Work instruction: In the listing below, locate the line containing "apply (filterlim_plus (K" and the line containing "Variables (a b : R).". Output both of them and every line between, exactly as written, and nothing more.

◆ ◆ ◆ ◆

(* Let $a>0$, let $v:\mathbb{R}\to[v_0,\infty)$ be continuously differentiable with $v_0>0$, fix $r>a/v_0$, let $C=C([-r,0],\mathbb{R})$ with the maximum norm and $C^1=C^1([-r,0],\mathbb{R})$ with the norm $|\phi|_1=\max|\phi|+\max|\phi'|$. Let $\delta:C\to(0,r)$ be the map assigning to $\phi\in C$ the unique $u\in(0,r)$ with $a=\int_{-u}^0 v(\phi(s))\,ds$; it is continuously differentiable with derivative $D\delta(\phi)\chi=-\int_{-\delta(\phi)}^0 v'(\phi(s))\chi(s)\,ds\,/\,v(\phi(-\delta(\phi)))$. For $\phi\in C^1$ and $\chi\in C$ define $$D_eE(\phi)\chi=\chi(-\delta(\phi))-\phi'(-\delta(\phi))\,D\delta(\phi)\chi .$$ Then the map $C^1\times C\ni(\phi,\chi)\mapsto D_eE(\phi)\chi\in\mathbb{R}$ is continuous.
   Context: $D_eE(\phi):C\to\mathbb{R}$ is the linear extension to $C$ of the derivative of the continuously differentiable map $E:C^1\to\mathbb{R}$, $E(\phi)=\phi(-\delta(\phi))$. *)

From Stdlib Require Import Reals Lra.
From Coquelicot Require Import Coquelicot.
Open Scope R_scope.

Definition supnorm (r : R) (f : R -> R) : R :=
  real (Lub_Rbar (fun y => exists s, -r <= s <= 0 /\ y = Rabs (f s))).

Definition c1norm (r : R) (f : R -> R) : R :=
  supnorm r f + supnorm r (Derive f).

(* Elements of C([-r,0],R), represented by continuous functions R -> R
   (every element of C([-r,0]) extends to one; only restrictions matter). *)
Definition isC (f : R -> R) : Prop := forall s, continuous f s.

Definition isC1 (f : R -> R) : Prop :=
  (forall s, ex_derive f s) /\ (forall s, continuous (Derive f) s).

Definition Ddelta (v : R -> R) (delta : (R -> R) -> R) (phi chi : R -> R) : R :=
  - RInt (fun s => Derive v (phi s) * chi s) (- delta phi) 0 / v (phi (- delta phi)).

Definition DeE (v : R -> R) (delta : (R -> R) -> R) (phi chi : R -> R) : R :=
  chi (- delta phi) - Derive phi (- delta phi) * Ddelta v delta phi chi.

From Stdlib Require Import Reals Lra.
From Coquelicot Require Import Coquelicot.
Open Scope R_scope.

(* Since v >= v0 > 0, the equation defining delta gives
     v0 |delta psi - delta phi| <= |int_(-delta psi)^(-delta phi) v(psi)|
                                 = |int_(-delta phi)^0 (v(phi) - v(psi))|,
   so delta is continuous for uniform convergence on [-r,0].  Closeness in
   C^1 x C makes psi, psi' and omega uniformly close to phi, phi' and chi on
   [-r,0]; evaluating uniformly convergent functions at the convergent point
   -delta psi, and integrating them over the convergent interval
   [-delta psi, 0], every ingredient of D_eE(psi) omega converges to the
   corresponding one of D_eE(phi) chi. *)

Lemma segment_sub (a b x y s : R) :
  a <= x <= b -> a <= y <= b -> Rmin x y <= s <= Rmax x y -> a <= s <= b.
Proof. unfold Rmin, Rmax. destruct (Rle_dec x y); lra. Qed.

Lemma continuous_bounded_on (g : R -> R) (a b : R) :
  a <= b -> (forall s, a <= s <= b -> continuous g s) ->
  exists M, 0 <= M /\ forall s, a <= s <= b -> Rabs (g s) <= M.
Proof.
  intros Hab Hg.
  destruct (continuity_ab_maj (fun s => Rabs (g s)) a b Hab) as [c [Hc _]].
  { intros s Hs. apply continuity_pt_filterlim, continuous_Rabs_comp, Hg, Hs. }
  exists (Rabs (g c)). split; [apply Rabs_pos | exact Hc].
Qed.

Section IntegralsOnSegment.

Variables (a b : R) (f : R -> R).
Hypothesis f_cont : forall s, a <= s <= b -> continuous f s.

Lemma ex_RInt_continuous_on (x y : R) : a <= x <= b -> a <= y <= b -> ex_RInt f x y.
Proof.
  intros Hx Hy. apply (ex_RInt_continuous (V := R_CompleteNormedModule)).
  intros s Hs. apply f_cont, (segment_sub a b x y s Hx Hy Hs).
Qed.

Lemma RInt_Chasles_on (x y z : R) : a <= x <= b -> a <= y <= b -> a <= z <= b ->
  RInt f x y + RInt f y z = RInt f x z.
Proof.
  intros Hx Hy Hz.
  apply (RInt_Chasles (V := R_CompleteNormedModule)); now apply ex_RInt_continuous_on.
Qed.

Lemma Rabs_RInt_le_const (x y M : R) : a <= x <= b -> a <= y <= b ->
  (forall s, a <= s <= b -> Rabs (f s) <= M) ->
  Rabs (RInt f x y) <= Rabs (y - x) * M.
Proof.
  intros Hx Hy HM. apply (norm_RInt_le_const_abs f x y).
  - intros s Hs. apply HM, (segment_sub a b x y s Hx Hy Hs).
  - apply (RInt_correct (V := R_CompleteNormedModule)), ex_RInt_continuous_on; assumption.
Qed.

Lemma Rabs_RInt_ge_const (x y m : R) : a <= x <= b -> a <= y <= b ->
  (forall s, a <= s <= b -> m <= f s) ->
  m * Rabs (y - x) <= Rabs (RInt f x y).
Proof.
  intros Hx Hy Hm.
  assert (Hle : forall u w, a <= u <= b -> a <= w <= b -> u <= w ->
            m * Rabs (w - u) <= Rabs (RInt f u w)).
  { intros u w Hu Hw Huw. rewrite Rabs_right by lra.
    eapply Rle_trans; [| apply Rle_abs].
    replace (m * (w - u)) with (RInt (fun _ => m) u w)
      by (rewrite RInt_const; apply Rmult_comm).
    apply RInt_le; [lra | apply ex_RInt_const | apply ex_RInt_continuous_on; auto |].
    intros s Hs. apply Hm. lra. }
  destruct (Rle_or_lt x y) as [Hxy | Hyx]; [now apply Hle |].
  rewrite <- opp_RInt_swap by (apply ex_RInt_continuous_on; assumption).
  rewrite Rabs_minus_sym. change (opp (RInt f y x)) with (- RInt f y x).
  rewrite Rabs_Ropp. apply Hle; auto; lra.
Qed.

End IntegralsOnSegment.

Lemma RInt_minus_on (a b : R) (f g : R -> R) (x y : R) :
  (forall s, a <= s <= b -> continuous f s) -> (forall s, a <= s <= b -> continuous g s) ->
  a <= x <= b -> a <= y <= b ->
  RInt (fun s => f s - g s) x y = RInt f x y - RInt g x y.
Proof.
  intros Hf Hg Hx Hy.
  apply (RInt_minus (V := R_CompleteNormedModule)); now apply ex_RInt_continuous_on with a b.
Qed.

Lemma supnorm_ge (r : R) (g : R -> R) : 0 <= r ->
  (forall s, -r <= s <= 0 -> continuous g s) ->
  forall s, -r <= s <= 0 -> Rabs (g s) <= supnorm r g.
Proof.
  intros Hr Hg s Hs.
  destruct (continuous_bounded_on g (-r) 0) as [M [_ HM]]; [lra | exact Hg |].
  unfold supnorm.
  set (S := fun y => exists t, -r <= t <= 0 /\ y = Rabs (g t)).
  destruct (Lub_Rbar_correct S) as [Hub Hlub].
  assert (H1 : Rbar_le (Rabs (g s)) (Lub_Rbar S)) by (apply Hub; exists s; auto).
  assert (H2 : Rbar_le (Lub_Rbar S) M) by (apply Hlub; intros y [t [Ht ->]]; apply HM, Ht).
  destruct (Lub_Rbar S); simpl in *; easy.
Qed.

Section FilterArithmetic.

Context {T : Type} {F : (T -> Prop) -> Prop} {FF : Filter F}.

Lemma filterlim_Rplus (f g : T -> R) (l m : R) :
  filterlim f F (locally l) -> filterlim g F (locally m) ->
  filterlim (fun p => f p + g p) F (locally (l + m)).
Proof.
  intros Hf Hg. apply (filterlim_comp_2 f g Rplus Hf Hg).
  apply (filterlim_plus (K := R_AbsRing) (V := R_NormedModule)).
Qed.

Lemma filterlim_Ropp (f : T -> R) (l : R) :
  filterlim f F (locally l) -> filterlim (fun p => - f p) F (locally (- l)).
Proof.
  intros Hf. apply (filterlim_comp _ _ _ f Ropp F (locally l) (locally (- l)) Hf).
  apply (filterlim_opp (K := R_AbsRing) (V := R_NormedModule)).
Qed.

Lemma filterlim_Rminus (f g : T -> R) (l m : R) :
  filterlim f F (locally l) -> filterlim g F (locally m) ->
  filterlim (fun p => f p - g p) F (locally (l - m)).
Proof. intros Hf Hg. apply filterlim_Rplus; [exact Hf | now apply filterlim_Ropp]. Qed.

Lemma filterlim_Rmult (f g : T -> R) (l m : R) :
  filterlim f F (locally l) -> filterlim g F (locally m) ->
  filterlim (fun p => f p * g p) F (locally (l * m)).
Proof.
  intros Hf Hg. apply (filterlim_comp_2 f g Rmult Hf Hg).
  apply (filterlim_mult (K := R_AbsRing)).
Qed.

Lemma filterlim_Rinv (f : T -> R) (l : R) : l <> 0 ->
  filterlim f F (locally l) -> filterlim (fun p => / f p) F (locally (/ l)).
Proof.
  intros Hl Hf. apply (filterlim_comp _ _ _ f Rinv F (locally l) (locally (/ l)) Hf).
  apply (filterlim_Rbar_inv (Finite l)). intros H; apply Hl; injection H; auto.
Qed.

End FilterArithmetic.

Section UniformConvergence.

Context {T : Type} (F : (T -> Prop) -> Prop) {FF : Filter F}.
Variables (a b : R).

Definition unif_cvg_on (f : T -> R -> R) (g : R -> R) : Prop :=
  forall e, 0 < e -> F (fun p => forall s, a <= s <= b -> Rabs (f p s - g s) < e).

Lemma unif_cvg_on_eval (f : T -> R -> R) (g : R -> R) (x : T -> R) (l : R) :
  unif_cvg_on f g -> filterlim x F (locally l) -> F (fun p => a <= x p <= b) ->
  continuous g l -> filterlim (fun p => f p (x p)) F (locally (g l)).
Proof.
  intros Hfg Hx Hxab Hg. apply filterlim_locally. intros e.
  pose proof (proj1 (filterlim_locally _ _)
                (filterlim_comp _ _ _ x g F (locally l) (locally (g l)) Hx Hg)
                (pos_div_2 e)) as Hgx.
  apply filter_imp
    with (2 := filter_and _ _ (filter_and _ _ Hxab Hgx) (Hfg _ (cond_pos (pos_div_2 e)))).
  intros p [[Hp Hgp] Hf]. specialize (Hf _ Hp). simpl in Hf.
  change (Rabs (g (x p) - g l) < e / 2) in Hgp.
  change (Rabs (f p (x p) - g l) < e).
  replace (f p (x p) - g l) with ((f p (x p) - g (x p)) + (g (x p) - g l)) by ring.
  eapply Rle_lt_trans; [apply Rabs_triang | lra].
Qed.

◆ ◆ ◆ ◆

Result of the task:
  apply (filterlim_plus (K := R_AbsRing) (V := R_NormedModule)).
Qed.

Lemma filterlim_Ropp (f : T -> R) (l : R) :
  filterlim f F (locally l) -> filterlim (fun p => - f p) F (locally (- l)).
Proof.
  intros Hf. apply (filterlim_comp _ _ _ f Ropp F (locally l) (locally (- l)) Hf).
  apply (filterlim_opp (K := R_AbsRing) (V := R_NormedModule)).
Qed.

Lemma filterlim_Rminus (f g : T -> R) (l m : R) :
  filterlim f F (locally l) -> filterlim g F (locally m) ->
  filterlim (fun p => f p - g p) F (locally (l - m)).
Proof. intros Hf Hg. apply filterlim_Rplus; [exact Hf | now apply filterlim_Ropp]. Qed.

Lemma filterlim_Rmult (f g : T -> R) (l m : R) :
  filterlim f F (locally l) -> filterlim g F (locally m) ->
  filterlim (fun p => f p * g p) F (locally (l * m)).
Proof.
  intros Hf Hg. apply (filterlim_comp_2 f g Rmult Hf Hg).
  apply (filterlim_mult (K := R_AbsRing)).
Qed.

Lemma filterlim_Rinv (f : T -> R) (l : R) : l <> 0 ->
  filterlim f F (locally l) -> filterlim (fun p => / f p) F (locally (/ l)).
Proof.
  intros Hl Hf. apply (filterlim_comp _ _ _ f Rinv F (locally l) (locally (/ l)) Hf).
  apply (filterlim_Rbar_inv (Finite l)). intros H; apply Hl; injection H; auto.
Qed.

End FilterArithmetic.

Section UniformConvergence.

Context {T : Type} (F : (T -> Prop) -> Prop) {FF : Filter F}.
Variables (a b : R).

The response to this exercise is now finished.